Ein realer Schluck aus der Pulle

Chart of the Week

3 min Lesedauer 31.05.2024

Nach 4,5 Prozent im letzten Quartal 2023 sind die Löhne in der Eurozone im ersten Quartal 2024 sogar um 4,7 Prozent gestiegen, getrieben vor allem von einem Anstieg in Deutschland. Erwartet wurde ein leichter Rückgang. So erfreulich diese Entwicklung aus Arbeitnehmersicht ist, bereitet sie der Europäischen Zentralbank vermutlich doch etwas Kopfzerbrechen, denn Löhne gehen in die Produktionskosten ein und könnten so die Rückkehr der Inflation zum Zielwert von 2 Prozent erschweren. Die jüngsten Zahlen werden die EZB vermutlich nicht davon abhalten, die Zinsen auf der Ratssitzung in der kommenden Woche zum ersten Mal seit 2016 wieder zu senken – aber die Bauchschmerzen, mit denen so manches Ratsmitglied dieser Änderung zustimmt, dürften noch etwas stärker geworden sein. Unser Chart der Woche zeigt die Entwicklung der deutschen Nominallöhne seit 2015 und was die jeweilige Inflation davon als Reallöhne übrigließ.

Hier sind mehrere Entwicklungen abzulesen: Auch mit moderaten nominalen Lohnsteigerungen wurde bis 2020 stets ein positives Reallohnwachstum erzielt. Bis weit in die 2010er Jahre hinein lag die Inflationsrate nämlich meist deutlich unter dem damaligen Zielwert der Europäischen Zentralbank von „nahe bei, aber unter 2 Prozent“. Weil die Inflation nur einen vergleichsweise kleinen Teil der nominalen Zuwächse auffraß, blieben die Reallöhne nicht weit hinter den nominalen zurück. Mit einer Inflationsrate, die zum Ende des Jahrzehnts wieder häufiger an der 2-Prozent-Marke kratzte, liefen Nominal- und Reallöhne dann etwas stärker auseinander – das Reallohnwachstum blieb aber positiv.

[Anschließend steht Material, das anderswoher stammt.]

(* Let $\mathfrak a$ be an ideal of a commutative ring $R$. (1) Let $f,g_1,\dots,g_k\in R[X]$ be monic with $f=g_1\cdots g_k$. If each $g_i$ is $\mathfrak a$-Weierstrass, then $f$ is $\mathfrak a$-Weierstrass. (2) Let $f,g_1,\dots,g_k\in R[[X]]$ with $f=g_1\cdots g_k$ and let $n\ge0$. If each $g_i$ is $\mathfrak a$-distinguished of order $n_i$ for some integers $n_i\ge0$ with $n=n_1+\cdots+n_k$, then $f$ is $\mathfrak a$-distinguished of order $n$. Moreover, if $\mathfrak a$ is prime, the converses of (1) and (2) hold: in (1), if $f$ is $\mathfrak a$-Weierstrass then each $g_i$ is $\mathfrak a$-Weierstrass; in (2), if $f$ is $\mathfrak a$-distinguished of order $n$ then each $g_i$ is $\mathfrak a$-distinguished of some order $n_i$ with $n=n_1+\cdots+n_k$.
   Context: A polynomial $f\in R[X]$ is $\mathfrak a$-Weierstrass if it is monic and its coefficients of $X^i$ for $i<\deg f$ lie in $\mathfrak a$. A series $f\in R[[X]]$ is $\mathfrak a$-distinguished of order $n$ if the coefficient of $X^n$ is a unit modulo $\mathfrak a$ and the coefficients of $X^i$ for $i<n$ lie in $\mathfrak a$. *)

From HB Require Import structures.
From mathcomp Require Import all_boot all_order all_algebra.
Set Implicit Arguments. Unset Strict Implicit. Unset Printing Implicit Defensive.
Import GRing.Theory.
Local Open Scope ring_scope.

(* An ideal of a commutative ring R, given as a predicate (not necessarily
   proper: a = R is allowed, as in the paper). *)
Definition is_ideal (R : comNzRingType) (a : {pred R}) : Prop :=
  [/\ 0 \in a,
      (forall x y, x \in a -> y \in a -> x + y \in a) &
      (forall r x, x \in a -> r * x \in a)].

Definition is_prime_ideal (R : comNzRingType) (a : {pred R}) : Prop :=
  [/\ is_ideal a, 1 \notin a & prime_idealr_closed a].

Definition unit_mod (R : comNzRingType) (a : {pred R}) (c : R) : Prop :=
  exists u : R, c * u - 1 \in a.

Definition weierstrass (R : comNzRingType) (a : {pred R}) (f : {poly R}) : Prop :=
  f \is monic /\ (forall i, (i < (size f).-1)%N -> f`_i \in a).

Definition powser (R : comNzRingType) := nat -> R.

Definition ps_one (R : comNzRingType) : powser R := fun n => (n == 0)%:R.

Definition ps_mul (R : comNzRingType) (f g : powser R) : powser R :=
  fun n => \sum_(i < n.+1) f i * g (n - i)%N.

Definition distinguished (R : comNzRingType) (a : {pred R}) (f : powser R) (n : nat)
  : Prop :=
  unit_mod a (f n) /\ (forall i, (i < n)%N -> f i \in a).

From HB Require Import structures.
From mathcomp Require Import all_boot all_order all_algebra.
From mathcomp Require Import zify ring.
Import GRing.Theory.
Local Open Scope ring_scope.

(* The (m + l)-th coefficient of p q is p_m q_l plus terms that lie in a
   whenever the coefficients of p below m and of q below l do; so distinguished
   orders add under multiplication, and a polynomial is a-Weierstrass exactly
   when it is monic and its coefficient series is a-distinguished of order its
   degree.  When a is prime, the product p_m q_l of the first coefficients
   outside a stays outside a, which pins down the orders of the factors and
   gives the converses. *)

Lemma predn_size_monicM (R : comNzRingType) (p q : {poly R}) :
  p \is monic -> q \is monic -> (size (p * q)).-1 = ((size p).-1 + (size q).-1)%N.
Proof.
move=> mp mq; rewrite size_monicM ?monic_neq0 //.
by have := monic_neq0 mp; have := monic_neq0 mq; rewrite -!size_poly_gt0; lia.
Qed.

Section IdealArithmetic.
Set Implicit Arguments.
Unset Strict Implicit.
Variables (R : comNzRingType) (a : {pred R}).
Hypothesis ha : is_ideal a.

Lemma ideal0 : 0 \in a. Proof. by case: ha. Qed.

Lemma idealD x y : x \in a -> y \in a -> x + y \in a.
Proof. by case: ha => _ addA _; apply: addA. Qed.

Lemma idealMl r x : x \in a -> r * x \in a.
Proof. by case: ha => _ _ mulA; apply: mulA. Qed.

Lemma idealMr r x : x \in a -> x * r \in a.
Proof. by rewrite mulrC; apply: idealMl. Qed.

Lemma idealB x y : x \in a -> y \in a -> x - y \in a.
Proof. by move=> ax ay; rewrite -mulN1r; apply: idealD => //; apply: idealMl. Qed.

Lemma ideal_sum n (P : pred 'I_n) (F : 'I_n -> R) :
  (forall i, P i -> F i \in a) -> \sum_(i < n | P i) F i \in a.
Proof. by move=> aF; apply: (big_ind (fun x => x \in a)); [apply: ideal0 | apply: idealD |]. Qed.

Lemma unit_mod1 : unit_mod a 1.
Proof. by exists 1; rewrite mulr1 subrr ideal0. Qed.

Lemma unit_mod_congr c d : unit_mod a c -> c - d \in a -> unit_mod a d.
Proof.
move=> [u acu] acd; exists u.
have -> : d * u - 1 = (c * u - 1) - (c - d) * u by ring.
by apply: idealB => //; apply: idealMr.
Qed.

Lemma unit_modM c d : unit_mod a c -> unit_mod a d -> unit_mod a (c * d).
Proof.
move=> [u acu] [v adv]; exists (u * v).
have -> : c * d * (u * v) - 1 = (c * u - 1) * (d * v) + (d * v - 1) by ring.
by apply: idealD => //; apply: idealMr.
Qed.

Lemma unit_modMl c d : unit_mod a (c * d) -> unit_mod a c.
Proof. by move=> [u acdu]; exists (d * u); rewrite mulrA. Qed.

Lemma unit_modMr c d : unit_mod a (c * d) -> unit_mod a d.
Proof. by rewrite mulrC; apply: unit_modMl. Qed.

Lemma unit_mod_notin c : 1 \notin a -> unit_mod a c -> c \notin a.
Proof.
move=> a'1 [u acu]; apply: contra a'1 => ac.
have -> : 1 = c * u - (c * u - 1) by ring.
by apply: idealB => //; apply: idealMr.
Qed.

Lemma ps_mul_in_ideal (p q : powser R) m l i :
  (forall j, (j < m)%N -> p j \in a) -> (forall j, (j < l)%N -> q j \in a) ->
  (i < m + l)%N -> ps_mul p q i \in a.
Proof.
move=> ap aq ltiml; apply: ideal_sum => j _.
have [ltjm | lemj] := ltnP j m; first by apply: idealMr; apply: ap.
by apply: idealMl; apply: aq; have := ltn_ord j; lia.
Qed.

Lemma ps_mul_lead_mod (p q : powser R) m l :
  (forall j, (j < m)%N -> p j \in a) -> (forall j, (j < l)%N -> q j \in a) ->
  ps_mul p q (m + l)%N - p m * q l \in a.
Proof.
move=> ap aq; have ltm : (m < (m + l).+1)%N by lia.
rewrite /ps_mul (bigD1 (Ordinal ltm)) //= addKn addrC addrK.
apply: ideal_sum => j nej.
have nejm : nat_of_ord j != m by apply: contra nej => /eqP ejm; apply/eqP/val_inj.
have [ltjm | lemj] := ltnP j m; first by apply: idealMr; apply: ap.
by apply: idealMl; apply: aq; move: nejm lemj (ltn_ord j); lia.
Qed.

Lemma distinguished_ps_mul (p q : powser R) m l :
  distinguished a p m -> distinguished a q l ->
  distinguished a (ps_mul p q) (m + l)%N.
Proof.
move=> [up ap] [uq aq]; split; last by move=> i; apply: ps_mul_in_ideal.
apply: (unit_mod_congr (unit_modM up uq)).
by rewrite -opprB -mulN1r; apply: idealMl; apply: ps_mul_lead_mod.
Qed.

Lemma distinguished_ps_prod k (g : 'I_k -> powser R) ns :
  (forall i, distinguished a (g i) (ns i)) ->
  distinguished a (\big[@ps_mul R/ps_one R]_(i < k) g i) (\sum_(i < k) ns i).
Proof.
elim: k g ns => [|k IHk] g ns dg; first by rewrite !big_ord0; split => //; apply: unit_mod1.
rewrite !big_ord_recl; apply: distinguished_ps_mul => //.
exact: IHk (fun i => g (lift ord0 i)) _ (fun i => dg _).
Qed.

Lemma eq_distinguished (f g : powser R) n :
  f =1 g -> distinguished a f n -> distinguished a g n.
Proof. by move=> efg [uf af]; split => [|i]; rewrite -efg //; apply: af. Qed.

Lemma monic_weierstrassE (p : {poly R}) : p \is monic ->
  weierstrass a p <-> distinguished a (fun i => p`_i) (size p).-1.
Proof.
move=> mp; split=> [[_ ap] | [_ ap]] //; split => //.
by rewrite -lead_coefE (monicP mp); apply: unit_mod1.
Qed.

Lemma weierstrassM (p q : {poly R}) :
  weierstrass a p -> weierstrass a q -> weierstrass a (p * q).
Proof.
move=> wp wq; have [mp _] := wp; have [mq _] := wq.
have mpq : p * q \is monic by rewrite monicMl.
apply/(monic_weierstrassE mpq); apply: (eq_distinguished (fsym (coefM p q))).
by rewrite predn_size_monicM //; apply: distinguished_ps_mul; apply/monic_weierstrassE.
Qed.

Lemma weierstrass_prod k (g : 'I_k -> {poly R}) :
  (forall i, weierstrass a (g i)) -> weierstrass a (\prod_(i < k) g i).
Proof.
elim: k g => [|k IHk] g wg.
  by rewrite big_ord0; split => [|i]; rewrite ?monic1 ?size_poly1.
by rewrite big_ord_recl; apply: weierstrassM => //; apply: IHk.
Qed.

End IdealArithmetic.

Section PrimeIdeal.
Set Implicit Arguments.
Unset Strict Implicit.
Variables (R : comNzRingType) (a : {pred R}).
Hypothesis pa : is_prime_ideal a.

Let ha : is_ideal a. Proof. by case: pa. Qed.
Let a'1 : 1 \notin a. Proof. by case: pa. Qed.

Lemma prime_mul_notin u v : u \notin a -> v \notin a -> u * v \notin a.
Proof.
case: pa => _ _ primea a'u a'v; apply/negP => /primea /orP[au | av].
  by rewrite au in a'u.
by rewrite av in a'v.
Qed.

Lemma first_notin (p : powser R) : (exists j, p j \notin a) ->
  exists m, p m \notin a /\ forall j, (j < m)%N -> p j \in a.
Proof.
case/ex_minnP=> m a'pm minm; exists m; split => // j ltjm.
by apply/negPn/negP => /minm; lia.
Qed.

Lemma ps_mul_notin_l (p q : powser R) n :
  ps_mul p q n \notin a -> exists j, p j \notin a.
Proof.
move=> a'pq.
case: (boolP [exists j : 'I_n.+1, p j \notin a]) => [/existsP[j a'pj] | /existsPn ap].
  by exists j.
case/negP: a'pq; apply: (@ps_mul_in_ideal _ _ ha _ _ n.+1 0) => // [j ltjn | ].
  by have /negPn := ap (Ordinal ltjn).
by rewrite addn0.
Qed.

Lemma ps_mul_notin_r (p q : powser R) n :
  ps_mul p q n \notin a -> exists j, q j \notin a.
Proof.
move=> a'pq.
case: (boolP [exists j : 'I_n.+1, q j \notin a]) => [/existsP[j a'qj] | /existsPn aq].
  by exists j.
case/negP: a'pq; apply: (@ps_mul_in_ideal _ _ ha _ _ 0 n.+1) => // j ltjn.
by have /negPn := aq (Ordinal ltjn).
Qed.

Lemma ps_mul_first_notin (p q : powser R) m l :
  (forall j, (j < m)%N -> p j \in a) -> p m \notin a ->
  (forall j, (j < l)%N -> q j \in a) -> q l \notin a ->
  ps_mul p q (m + l)%N \notin a.
Proof.
move=> ap a'pm aq a'ql; apply: contra (prime_mul_notin a'pm a'ql) => apq.
have -> : p m * q l = ps_mul p q (m + l)%N - (ps_mul p q (m + l)%N - p m * q l) by ring.
by apply: idealB => //; apply: ps_mul_lead_mod.
Qed.

Lemma distinguished_ps_mul_inv (p q : powser R) n :
  distinguished a (ps_mul p q) n ->
  exists m l, [/\ n = (m + l)%N, distinguished a p m & distinguished a q l].
Proof.
move=> [upq apq]; have a'pq := unit_mod_notin ha a'1 upq.
have [m [a'pm ap]] := first_notin (ps_mul_notin_l a'pq).
have [l [a'ql aq]] := first_notin (ps_mul_notin_r a'pq).
have en : n = (m + l)%N.
  case: (ltngtP n (m + l)) => // [ltn | gtn].
    by rewrite (ps_mul_in_ideal ha ap aq ltn) in a'pq.
  by have := ps_mul_first_notin ap a'pm aq a'ql; rewrite apq.
have upmql : unit_mod a (p m * q l).
  by rewrite en in upq; apply: unit_mod_congr upq _ => //; apply: ps_mul_lead_mod.
exists m, l; split => //; split => //.
  exact: unit_modMl upmql.
exact: unit_modMr upmql.
Qed.

Lemma distinguished_ps_prod_inv k (g : 'I_k -> powser R) n :
  distinguished a (\big[@ps_mul R/ps_one R]_(i < k) g i) n ->
  exists ns : 'I_k -> nat,
    n = (\sum_(i < k) ns i)%N /\ forall i, distinguished a (g i) (ns i).
Proof.
elim: k g n => [|k IHk] g n.
  rewrite big_ord0 => -[_ a1]; exists (fun _ => 0%N); split => [|[]//].
  case: n a1 => [|n] a1; first by rewrite big_ord0.
  by have := a1 0%N isT; rewrite /ps_one /= (negPf a'1).
rewrite big_ord_recl => /distinguished_ps_mul_inv[m [l [-> dg0 dQ]]].
have [ns [-> dgs]] := IHk (fun i => g (lift ord0 i)) l dQ.
exists (fun i => if unlift ord0 i is Some j then ns j else m); split.
  by rewrite big_ord_recl unlift_none; congr (_ + _)%N; apply: eq_bigr => i _; rewrite liftK.
by move=> i; case: (unliftP ord0 i) => [j -> | ->].
Qed.

Lemma monic_distinguished_order_le (p : {poly R}) m : p \is monic ->
  distinguished a (fun i => p`_i) m -> (m <= (size p).-1)%N.
Proof.
move=> mp [_ ap]; rewrite leqNgt; apply: contraNN a'1 => /ap.
by rewrite -lead_coefE (monicP mp).
Qed.

Lemma weierstrassM_inv (p q : {poly R}) : p \is monic -> q \is monic ->
  weierstrass a (p * q) -> weierstrass a p /\ weierstrass a q.
Proof.
move=> mp mq wpq; have mpq : p * q \is monic by rewrite monicMl.
have /(eq_distinguished (coefM p q)) := iffLR (monic_weierstrassE ha mpq) wpq.
move=> /distinguished_ps_mul_inv[m [l [eml dp dq]]].
have lemp := monic_distinguished_order_le mp dp; have lelq := monic_distinguished_order_le mq dq.
rewrite predn_size_monicM // in eml.
have em : m = (size p).-1 by lia.
have el : l = (size q).-1 by lia.
by rewrite em in dp; rewrite el in dq; split; apply/monic_weierstrassE.
Qed.

Lemma weierstrass_prod_inv k (g : 'I_k -> {poly R}) :
  (forall i, g i \is monic) -> weierstrass a (\prod_(i < k) g i) ->
  forall i, weierstrass a (g i).
Proof.
elim: k g => [|k IHk] g mg; first by move=> _ [].
rewrite big_ord_recl => /weierstrassM_inv[] //; first exact: monic_prod.
move=> wg0 wQ i; case: (unliftP ord0 i) => [j -> | -> //].
exact: IHk (fun i => g (lift ord0 i)) _ wQ j.
Qed.

End PrimeIdeal.

Theorem lemma3p10 (R : comNzRingType) (a : {pred R}) (ha : is_ideal a) :
  (* (1) and its converse for prime a *)
  (forall (k : nat) (f : {poly R}) (g : 'I_k -> {poly R}),
      f \is monic -> (forall i, g i \is monic) -> f = \prod_(i < k) g i ->
      ((forall i, weierstrass a (g i)) -> weierstrass a f) /\
      (is_prime_ideal a -> weierstrass a f -> forall i, weierstrass a (g i))) /\
  (* (2) and its converse for prime a *)
  (forall (k : nat) (f : powser R) (g : 'I_k -> powser R) (n : nat),
      f = \big[@ps_mul R/ps_one R]_(i < k) g i ->
      ((exists ns : 'I_k -> nat,
          n = (\sum_(i < k) ns i)%N /\ forall i, distinguished a (g i) (ns i)) ->
        distinguished a f n) /\
      (is_prime_ideal a -> distinguished a f n ->
        exists ns : 'I_k -> nat,
          n = (\sum_(i < k) ns i)%N /\ forall i, distinguished a (g i) (ns i))).
Proof.
split=> [k f g _ mg -> | k f g n ->]; split.
- exact: weierstrass_prod.
- by move=> pa; apply: weierstrass_prod_inv.
- by move=> [ns [-> dg]]; apply: distinguished_ps_prod.
- by move=> pa; apply: distinguished_ps_prod_inv.
Qed.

Nominal- und Reallöhne in Deutschland seit 2015

Der Chart zeigt die quartalsweise Entwicklung von Nominal- und Reallöhnen in Prozent im Vergleich zum Vorjahresquartal seit 2015.
Quelle: Statistisches Bundesamt

Im Jahr 2020 zeigte sich dann sehr deutlich der Einkommensschock durch die Corona-Pandemie: Die Inflation ging in den Keller, in unserem Chart abzulesen an der minimalen Differenz zwischen beiden Linien – aber die Löhne taten es ihr gleich. Und als dann nach der Pandemie die Erholung einsetzte, dauerte es nicht lange, bis die Rekordinflation der letzten Jahre zuschlug und aus kräftigen nominalen Zuwächsen ebenso kräftige reale Einbußen machte.

Die Inflation hat inzwischen nachgelassen und bewegt sich wieder auf den mittlerweile symmetrischen Zielwert der EZB von 2 Prozent zu, die Linien unseres Charts nähern sich einander wieder an. Aufgrund von Fachkräftemangel und demographischer Entwicklung bleibt aber die Verhandlungsposition der Arbeitnehmer stark, so dass die Nominallöhne weiterhin kräftig steigen – und mit nachlassender Inflation bleibt davon auch real einiges übrig. Der Reallohnzuwachs in Deutschland von 3,8 Prozent in den ersten drei Monaten des Jahres 2024 ist der höchste Quartalswert, soweit die Zeitreihe des Statistischen Bundesamts zurückreicht – das ist immerhin bis 2008.

Vielleicht steht ja für das Gesamtjahr 2024 bei der Reallohnentwicklung am Ende eine 2 vor dem Komma. Das war zuletzt 2015 der Fall. Auch damit wäre aber der Kaufkraftverlust durch Pandemieschock und Rekordinflation noch nicht wieder ausgeglichen: 2019 lagen die Reallöhne noch über 5 Prozent höher als 2023. Aus Arbeitnehmersicht gibt es also noch einiges aufzuholen – und die EZB wird die Lohnentwicklung in der größten Volkswirtschaft der Eurozone sicher weiterhin im Auge behalten.